(* For all $n\in\mathbb N$ the following holds in the $q$-shuffle algebra $\mathbb V$: $$0=\sum_{i=0}^n(-1)^i[2n-i]_q\,C_i\star\tilde G_{n-i}.$$
   Context: Let $\mathbb F$ be a field and let $q\in\mathbb F$ be nonzero and not a root of unity. Let $[m]_q=(q^m-q^{-m})/(q-q^{-1})$ for $m\in\mathbb Z$. Let $\mathbb V$ be the free associative $\mathbb F$-algebra on noncommuting $x,y$, with basis the words (including $1$). Juxtaposition denotes concatenation. Set $\langle x,x\rangle=\langle y,y\rangle=2$ and $\langle x,y\rangle=\langle y,x\rangle=-2$. The $q$-shuffle product $\star$ is the bilinear product determined as follows: - $1\star v=v\star 1=v$; - for nontrivial words $u=u_1\cdots u_r$ and $v=v_1\cdots v_s$, $$u\star v=u_1((u_2\cdots u_r)\star v)+v_1(u\star(v_2\cdots v_s))q^{\langle u_1,v_1\rangle+\cdots+\langle u_r,v_1\rangle}.$$ This makes $\mathbb V$ an associative algebra, the $q$-shuffle algebra. For $k\in\mathbb N$, let $\tilde G_k=xyxy\cdots xy$ be the word of length $2k$, with $\tilde G_0=1$. Let $\overline x=1$ and $\overline y=-1$. A word $v_1\cdots v_m$ is Catalan if $\overline v_1+\cdots+\overline v_i\ge0$ for $1\le i\le m-1$ and $\overline v_1+\cdots+\overline v_m=0$. For $n\in\mathbb N$, $$C_n=\sum v_1\cdots v_{2n}\,[1]_q[1+\overline v_1]_q\cdots[1+\overline v_1+\cdots+\overline v_{2n}]_q,$$ where the sum is over Catalan words of length $2n$ (so $C_0=1$). *)

From mathcomp Require Import all_boot all_order all_algebra.
Set Implicit Arguments. Unset Strict Implicit. Unset Printing Implicit Defensive.
Import Order.TTheory GRing.Theory Num.Theory.
Local Open Scope ring_scope.

Definition letter := bool.
Definition lx : letter := true.
Definition ly : letter := false.
Definition word := seq letter.

Section QShuffle.
Variables (F : fieldType) (q : F).

(* Elements of the free algebra V are represented as formal finite linear
   combinations of words: lists of (coefficient, word) pairs.  Two such lists
   represent the same element of V iff they have the same coefficient on every
   word ([vcoef]). *)
Definition vec := seq (F * word).

Definition vcoef (a : vec) (w : word) : F :=
  \sum_(p <- a) (if p.2 == w then p.1 else 0).
(* Let $\mathcal M=(R,D,C)$ be a $\lambda\mu$-model in the category of $\omega$-algebraic lattices. If $\Gamma\vdash T:\sigma\mid\Delta$ is derivable in the intersection type assignment system, then $\models_{\mathcal M}\Gamma\vdash T:\sigma\mid\Delta$, for any term or command $T$.
   Context: $\lambda\mu$ terms and commands: $M::=x\mid\lambda x.M\mid MN\mid\mu\alpha.\mathsf C$ and $\mathsf C::=[\alpha]M$. $\lambda\mu$-model. In the category of $\omega$-algebraic lattices (Scott-continuous maps), $(R,D,C)$ is a $\lambda\mu$-model if $D=[C\to R]$ and $C=D\times C$ (up to isomorphism). Environments $e$ map term variables into $D$ and names into $C$. The interpretation is: - $[\![x]\!]e\,k=e(x)k$; - $[\![\lambda x.M]\!]e\langle d,k'\rangle=[\![M]\!](e[x\to d])k'$; - $[\![MN]\!]e\,k=[\![M]\!]e\langle[\![N]\!]e,k\rangle$; - $[\![\mu\alpha.\mathsf C]\!]e\,k=d\,k'$, where $\langle d,k'\rangle=[\![\mathsf C]\!](e[\alpha\to k])$; - $[\![[\alpha]M]\!]e=\langle[\![M]\!]e,e(\alpha)\rangle\in C$. Types. With $\mathcal K(R)$ the compact elements of $R$: - $\Lambda_R$: $\rho::=\psi_a\mid\omega\mid\rho\wedge\rho$ ($a\in\mathcal K(R)$). - $\Lambda_D$: $\delta::=\rho\mid\kappa\to\rho\mid\omega\mid\delta\wedge\delta$. - $\Lambda_C$: $\kappa::=\delta\times\kappa\mid\omega\mid\kappa\wedge\kappa$. The relations $\le_R,\le_D,\le_C$ are the least reflexive, transitive relations with $\sigma\wedge\tau\le\sigma,\tau$, $\sigma\le\omega$, $\rho\le\sigma,\tau\Rightarrow\rho\le\sigma\wedge\tau$, and additionally: - $\psi_\bot\sim\omega$ and $\psi_{a\sqcup b}\sim\psi_a\wedge\psi_b$; - if $\rho_1\le_R\rho_2$ then $\rho_1\le_D\rho_2$; - $\omega\le_D\omega\to\omega$; - $\psi_a\le_D\omega\to\psi_a\le_D\psi_a$; - $\omega\le_C\omega\times\omega$; - $(\kappa\to\rho_1)\wedge(\kappa\to\rho_2)\le_D\kappa\to(\rho_1\wedge\rho_2)$; - $(\delta_1\times\kappa_1)\wedge(\delta_2\times\kappa_2)\le_C(\delta_1\wedge\delta_2)\times(\kappa_1\wedge\kappa_2)$; - $\to$ is contravariant in $\Lambda_C$ and covariant in $\Lambda_R$; - $\times$ is covariant in both arguments. Type assignment. A basis $\Gamma$ is a finite map from variables to $\Lambda_D$, and a context $\Delta$ is a finite map from names to $\Lambda_C$. $\Gamma(x)$ and $\Delta(\alpha)$ are $\omega$ outside the domain. The rules are: - (Ax) $\Gamma,x{:}\delta\vdash x:\delta\mid\Delta$. - (Abs) From $\Gamma\vdash M:\kappa\to\rho\mid\Delta$, $\Gamma(x)=\delta$, infer $\Gamma\setminus x\vdash\lambda x.M:(\delta\times\kappa)\to\rho\mid\Delta$. - (App) From $\Gamma\vdash M:(\delta\times\kappa)\to\rho\mid\Delta$ and $\Gamma\vdash N:\delta\mid\Delta$, infer $\Gamma\vdash MN:\kappa\to\rho\mid\Delta$. - (Cmd) From $\Gamma\vdash M:\delta\mid\Delta$, $\Delta(\alpha)=\kappa$, infer $\Gamma\vdash[\alpha]M:\delta\times\kappa\mid\Delta$. - ($\mu$) From $\Gamma\vdash\mathsf C:(\kappa'\to\rho)\times\kappa'\mid\Delta$, $\Delta(\alpha)=\kappa$, infer $\Gamma\vdash\mu\alpha.\mathsf C:\kappa\to\rho\mid\Delta\setminus\alpha$. - ($\wedge$), ($\omega$) (every $T$ gets $\omega$), and ($\le$) (subsumption via $\le_D$ or $\le_C$). Type interpretation in $\mathcal M$: - $[\![\psi_a]\!]^R=\{r\in R\mid a\sqsubseteq r\}$; - $[\![\delta\times\kappa]\!]^C=[\![\delta]\!]^D\times[\![\kappa]\!]^C$; - $[\![\kappa\to\rho]\!]^D=\{d\in D\mid\forall k\in[\![\kappa]\!]^C:\ d\,k\in[\![\rho]\!]^R\}$; - $[\![\psi_a]\!]^D=\{d\in D\mid\forall k\in C:\ d\,k\in[\![\psi_a]\!]^R\}$; - $[\![\omega]\!]^A=A$ and $[\![\sigma\wedge\tau]\!]^A=[\![\sigma]\!]^A\cap[\![\tau]\!]^A$. Satisfiability: - $e\models\Gamma;\Delta$ iff $e(x)\in[\![\Gamma(x)]\!]^D$ for all $x$ and $e(\alpha)\in[\![\Delta(\alpha)]\!]^C$ for all $\alpha$; - $\models_{\mathcal M}\Gamma\vdash M:\delta\mid\Delta$ iff for all $e$ with $e\models\Gamma;\Delta$, $[\![M]\!]e\in[\![\delta]\!]^D$; - likewise for commands, with $[\![\mathsf C]\!]e\in[\![\kappa]\!]^C$. *)

From Stdlib Require Import List.
Set Implicit Arguments.
Unset Strict Implicit.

§ **AIM OF THE EXERCISE**: Restate word for word the lines of the data above, starting at the line containing "represent the same" and ending at the line containing "p.1 else 0).", both included, and nothing more.

§ **RESPONSE FOR THIS EXERCISE**:
   represent the same element of V iff they have the same coefficient on every
   word ([vcoef]). *)
Definition vec := seq (F * word).

Definition vcoef (a : vec) (w : word) : F :=
  \sum_(p <- a) (if p.2 == w then p.1 else 0).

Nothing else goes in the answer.